__ABOUT THIS EXERCISE__. How many lines below contain the string "notV"? Reply with the figure and no further words.

[Entries taken from a collection]
··········

Lemma fin_min_radius (I : finType) (F : I -> R -> Prop) :
  (forall i r r', 0 < r' -> r' <= r -> F i r -> F i r') ->
  (forall i, exists r, 0 < r /\ F i r) -> exists r, 0 < r /\ forall i, F i r.
Proof.
move=> F_mono F_ex.
suff [r [r_gt0 Fr]] : exists r, 0 < r /\ forall i, i \in enum I -> F i r.
  by exists r; split=> // i; apply: Fr; rewrite mem_enum.
elim: (enum I) => [|a s [r [r_gt0 Fr]]]; first by exists 1; split=> //; lra.
have [ra [ra_gt0 Fa]] := F_ex a; exists (Rmin r ra); split=> [|i]; first exact: Rmin_pos.
rewrite in_cons => /orP [/eqP -> | /Fr]; apply: F_mono;
  by [exact: Rmin_pos | exact: Rmin_r | exact: Rmin_l | ].
Qed.

Lemma fin_argmax (I : finType) (p : pred I) (f : I -> R) i0 : p i0 ->
  exists i, p i /\ forall j, p j -> f j <= f i.
Proof.
move=> p_i0.
suff [i [p_i max_i]] : exists i, p i /\ forall j, j \in enum I -> p j -> f j <= f i.
  by exists i; split=> // j; apply: max_i; rewrite mem_enum.
elim: (enum I) => [|a s [i [p_i max_i]]]; first by exists i0.
case: (boolP (p a)) => [p_a | not_p_a]; last first.
  exists i; split=> // j; rewrite inE => /orP [/eqP -> p_a | /max_i //].
  by rewrite p_a in not_p_a.
case: (Rle_lt_dec (f a) (f i)) => fa.
  by exists i; split=> // j; rewrite inE => /orP [/eqP -> | /max_i].
exists a; split=> // j; rewrite inE => /orP [/eqP -> _ | /max_i le_i p_j]; first lra.
by have := le_i p_j; lra.
Qed.

Lemma separating_point (I : finType) (pl ph : pred I) (lo hi : I -> R) :
  (forall i j, pl i -> ph j -> lo i < hi j) ->
  exists t, (forall i, pl i -> lo i < t) /\ (forall j, ph j -> t < hi j).
Proof.
move=> lo_hi.
case: (pickP pl) => [i0 pl_i0 | no_lo]; case: (pickP ph) => [j0 ph_j0 | no_hi].
- have [i [pl_i max_i]] := fin_argmax lo pl_i0.
  have [j [ph_j min_j]] := fin_argmax (fun j => - hi j) ph_j0.
  have := lo_hi i j pl_i ph_j.
  by exists ((lo i + hi j) / 2); split=> k /[dup] ? => [/max_i | /min_j]; lra.
- have [i [pl_i max_i]] := fin_argmax lo pl_i0.
  by exists (lo i + 1); split=> k; [move/max_i; lra | rewrite no_hi].
- have [j [ph_j min_j]] := fin_argmax (fun j => - hi j) ph_j0.
  by exists (hi j - 1); split=> k; [rewrite no_lo | move/min_j; lra].
- by exists 0; split=> k; [rewrite no_lo | rewrite no_hi].
Qed.

Section Topology.
Variable n : nat.

Lemma Rn_open_forall (I : finType) (U : I -> pt n -> Prop) :
  (forall i, Rn_open (U i)) -> Rn_open (fun y => forall i, U i y).
Proof.
move=> U_open x Ux.
have [|r [r_gt0 ball]] := @fin_min_radius I (fun i r => forall y, Rn_ball x r y -> U i y)
  _ (fun i => U_open i x (Ux i)).
  by move=> i r r' _ r'_le ball y near; apply: ball => j; have := near j; lra.
by exists r; split=> // y near i; exact: ball.
Qed.

Lemma Rn_open_implies (b : bool) (U : pt n -> Prop) :
  Rn_open U -> Rn_open (fun y => b -> U y).
Proof.
case: b => U_open x Ux; last by exists 1; split=> //; lra.
have [r [r_gt0 ball]] := U_open x (Ux isT); by exists r; split=> // y /ball.
Qed.

Lemma Rn_open_diff (Q : R -> Prop) (j k : 'I_n) :
  R_open Q -> Rn_open (fun y => Q (y j - y k)).
Proof.
move=> Q_open x /Q_open [r [r_gt0 ball]]; exists (r / 2); split=> [|y near]; first lra.
apply: ball; move: (near j) (near k) => /Rabs_def2 [? ?] /Rabs_def2 [? ?].
by apply: Rabs_def1; lra.
Qed.

Definition psi_open (P : mgraph n) (x : pt n) : Prop :=
  forall j k : 'I_n, (j < k)%N -> edge_open (P j k) (x j - x k).

Lemma Rn_open_psi_open P : Rn_open (psi_open P).
Proof.
do 2![apply: Rn_open_forall => ?]; apply: Rn_open_implies.
exact/Rn_open_diff/R_open_edge_open.
Qed.

Definition shift_coord (x : pt n) (j : 'I_n) (d : R) : pt n :=
  fun i => if i == j then x j + d else x i.

Lemma Rn_ball_shift_coord x j d r : 0 < r -> Rabs d < r -> Rn_ball x r (shift_coord x j d).
Proof.
move=> r_gt0 d_lt i; rewrite /shift_coord; case: eqP => [->|_].
  by rewrite Rplus_minus_l.
by rewrite Rminus_diag Rabs_R0.
Qed.

Lemma Rn_interior_psi P x : Rn_interior (psi P) x <-> psi_open P x.
Proof.
split=> [[r [r_gt0 ball]] j k jk | x_open].
  have k_neq_j : k != j by rewrite neq_ltn jk orbT.
  have shifted d : Rabs d < r -> edge_closed (P j k) (x j - x k + d).
    move=> /(Rn_ball_shift_coord x j r_gt0) /ball /(_ j k jk).
    by rewrite /shift_coord eqxx (negbTE k_neq_j) -Rplus_minus_swap.
  apply: (@edge_closed_shift _ _ (r / 2)); first lra.
    by apply: shifted; rewrite Rabs_right; lra.
  by rewrite /Rminus; apply: shifted; rewrite Rabs_Ropp Rabs_right; lra.
have [r [r_gt0 ball]] := Rn_open_psi_open x_open.
by exists r; split=> // y /ball y_open j k jk; exact/edge_open_closed/y_open.
Qed.

Definition seg (a b : pt n) (t : R) : pt n := fun i => a i + t * (b i - a i).

Lemma seg0 a b : seg a b 0 = a.
Proof. by apply: functional_extensionality => i; rewrite /seg; ring. Qed.

Lemma seg1 a b : seg a b 1 = b.
Proof. by apply: functional_extensionality => i; rewrite /seg; ring. Qed.

Definition Rn_convex (S : pt n -> Prop) : Prop :=
  forall a b t, S a -> S b -> 0 <= t <= 1 -> S (seg a b t).

Lemma psi_open_convex P : Rn_convex (psi_open P).
Proof.
move=> a b t a_open b_open t01 j k jk.
have -> : seg a b t j - seg a b t k = (1 - t) * (a j - a k) + t * (b j - b k).
  by rewrite /seg; ring.
exact: edge_open_convex (a_open j k jk) (b_open j k jk) t01.
Qed.

Lemma R_open_seg_preimage a b (U : pt n -> Prop) :
  Rn_open U -> R_open (fun t => U (seg a b t)).
Proof.
move=> U_open c /U_open [r [r_gt0 ball]].
have coord_near i : exists d, 0 < d /\
    forall s, Rabs (s - c) < d -> Rabs (seg a b s i - seg a b c i) < r.
  set m := Rabs (b i - a i); have m_ge0 : 0 <= m by apply: Rabs_pos.
  exists (r / (m + 1)); split=> [|s s_near]; first by apply: Rdiv_lt_0_compat; lra.
  have -> : seg a b s i - seg a b c i = (s - c) * (b i - a i) by rewrite /seg; ring.
  rewrite Rabs_mult -/m.
  have : Rabs (s - c) * (m + 1) < r / (m + 1) * (m + 1) by apply: Rmult_lt_compat_r; lra.
  rewrite /Rdiv Rmult_assoc Rinv_l ?Rmult_1_r; last lra.
  by have := Rabs_pos (s - c); nra.
have [|d [d_gt0 near]] := fin_min_radius _ coord_near.
  by move=> i d d' _ d'_le near s s_near; apply: near; lra.
by exists d; split=> // s /near s_near; apply: ball.
Qed.

Lemma unit_interval_connected (A B : R -> Prop) : R_open A -> R_open B ->
  (forall t, 0 <= t <= 1 -> A t \/ B t) -> (forall t, 0 <= t <= 1 -> A t -> B t -> False) ->
  A 0 -> B 1 -> False.
Proof.
move=> A_open B_open cover disj A0 B1.
pose E t := 0 <= t <= 1 /\ forall s, 0 <= s <= t -> A s.
have E0 : E 0 by split=> [|s s0]; [lra | have -> : s = 0 by lra].
have E_bound : bound E by exists 1 => t [[_ ?] _].
have [c [c_ub c_lub]] := @completeness E E_bound (ex_intro _ 0 E0).
have c0 : 0 <= c by apply: c_ub.
have c1 : c <= 1 by apply: c_lub => t [[_ ?] _].
have approx d : 0 < d -> exists t, E t /\ c - d < t.
  move=> d_gt0; apply: NNPP => none; suff : c <= c - d by lra.
  by apply: c_lub => t Et; apply: Rnot_lt_le => ?; apply: none; exists t.
case: (cover c (conj c0 c1)) => [/A_open | /B_open] [r [r_gt0 ball]];
  have [t [[t01 At] t_near]] := approx r r_gt0; have t_le := c_ub t (conj t01 At).
- case: (Rle_lt_dec (c + r / 2) 1) => c_r.
  + suff : c + r / 2 <= c by lra.
    apply: c_ub; split=> [|s s01]; first lra.
    case: (Rle_lt_dec s t) => s_t; first by apply: At; lra.
    by apply: ball; apply: Rabs_def1; lra.
  + by apply: (disj 1); [lra | apply: ball; apply: Rabs_def1; lra | ].
- by apply: (disj t t01); [apply: At; lra | apply: ball; apply: Rabs_def1; lra].
Qed.

Lemma convex_connected (S : pt n -> Prop) : Rn_convex S -> Rn_connected S.
Proof.
move=> S_convex U V U_open V_open cover disj [a [Sa Ua]] [b [Sb Vb]].
apply: (@unit_interval_connected (fun t => U (seg a b t)) (fun t => V (seg a b t))).
- exact: R_open_seg_preimage.
- exact: R_open_seg_preimage.
- by move=> t t01; apply/cover/S_convex.
- by move=> t t01; apply/disj/S_convex.
- by rewrite seg0.
- by rewrite seg1.
Qed.

Lemma Rn_connected_ext (S T : pt n -> Prop) : same_set S T -> Rn_connected S -> Rn_connected T.
Proof.
move=> ST S_conn U V U_open V_open cover disj [x [Tx Ux]] [y [Ty Vy]].
apply: (S_conn U V) => //.
- by move=> z /ST; exact: cover.
- by move=> z /ST; exact: disj.
- by exists x; split=> //; apply/ST.
- by exists y; split=> //; apply/ST.
Qed.

Lemma conn_component_ext (A S T : pt n -> Prop) :
  same_set S T -> conn_component A S -> conn_component A T.
Proof.
move=> ST [SA [[x Sx] [S_conn S_max]]]; split; [|split; [|split]].
- by move=> y /ST /SA.
- by exists x; apply/ST.
- exact: Rn_connected_ext S_conn.
- by move=> D DA D_conn TD y /(S_max D DA D_conn (fun z Sz => TD z (proj1 (ST z) Sz))) /ST.
Qed.

Lemma psi_open_shi_complement P x : psi_open P x -> shi_complement x.
Proof. by move=> x_open j k /x_open /edge_open_neq. Qed.

(* The cell [psi_open P] is relatively clopen in the complement of the arrangement:
   outside it, some edge constraint is violated, which is an open condition. *)
Lemma psi_open_absorbs P (D : pt n -> Prop) : Rn_connected D ->
  (forall x, D x -> shi_complement x) -> (exists x, D x /\ psi_open P x) ->
  forall z, D z -> psi_open P z.
Proof.
move=> D_conn D_compl [x [Dx x_open]] z Dz.
pose V y := exists j k : 'I_n, (j < k)%N /\ edge_violated (P j k) (y j - y k).
have open_or_V y : D y -> psi_open P y \/ V y.
  move=> Dy; case: (classic (V y)) => [|notV]; [by right | left => j k jk].
  have [neq0 neq1] := D_compl y Dy j k jk.
  case: (edge_open_or_violated (P j k) neq0 neq1) => // viol.
  by case: notV; exists j, k.
apply: NNPP => z_not_open; apply: (D_conn (psi_open P) V).
- exact: Rn_open_psi_open.
- move=> y [j [k [jk viol]]].
  have [r [r_gt0 ball]] := @Rn_open_diff _ j k (@R_open_edge_violated (P j k)) y viol.
  by exists r; split=> // y' /ball ?; exists j, k.
- exact: open_or_V.
- by move=> y _ y_open [j [k [jk]]]; apply/edge_open_violated/y_open.
- by exists x.
- by exists z; split=> //; case: (open_or_V z Dz).
Qed.

Lemma shi_region_psi_open P : (exists x, psi_open P x) -> shi_region (psi_open P).
Proof.
move=> [x x_open]; split; [|split; [|split]].
- exact: psi_open_shi_complement.
- by exists x.
- exact/convex_connected/psi_open_convex.
- move=> D D_compl D_conn sub; apply: psi_open_absorbs => //.
  by exists x; split=> //; apply: sub.
Qed.

Lemma shi_region_psi_open_eq P (C : pt n -> Prop) : shi_region C ->
  (exists x, C x /\ psi_open P x) -> same_set (psi_open P) C.
Proof.
move=> [C_compl [_ [C_conn C_max]]] meet y; split; last exact: psi_open_absorbs.
apply: C_max; first exact: psi_open_shi_complement.
  exact/convex_connected/psi_open_convex.
exact: psi_open_absorbs.
Qed.

Lemma psi_open_same_graph P Q x : psi_open P x -> psi_open Q x -> same_graph P Q.
Proof.
move=> P_open Q_open j k jk; move: (P_open j k jk) (Q_open j k jk).
by case: (P j k); case: (Q j k) => //= ? ?; lra.
Qed.

End Topology.

Lemma ord3_sort n (u v w : 'I_n) : u != v -> v != w -> u != w ->
  exists a b c : 'I_n, [/\ (a < b)%N, (b < c)%N & [:: u; v; w] =i [:: a; b; c]].
Proof.
rewrite -!(inj_eq val_inj) !neq_ltn.
move=> /orP [] uv /orP [] vw /orP [] uw; try (exfalso; lia).
1: exists u, v, w. 2: exists u, w, v. 3: exists w, u, v.
4: exists v, u, w. 5: exists v, w, u. 6: exists w, v, u.
all: split=> // y; rewrite !inE; by case: (y == u); case: (y == v); case: (y == w).
Qed.

Section ParkingGraph.
Variables (n : nat) (P : mgraph n).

··········

__EXPECTED OUTPUT__. 2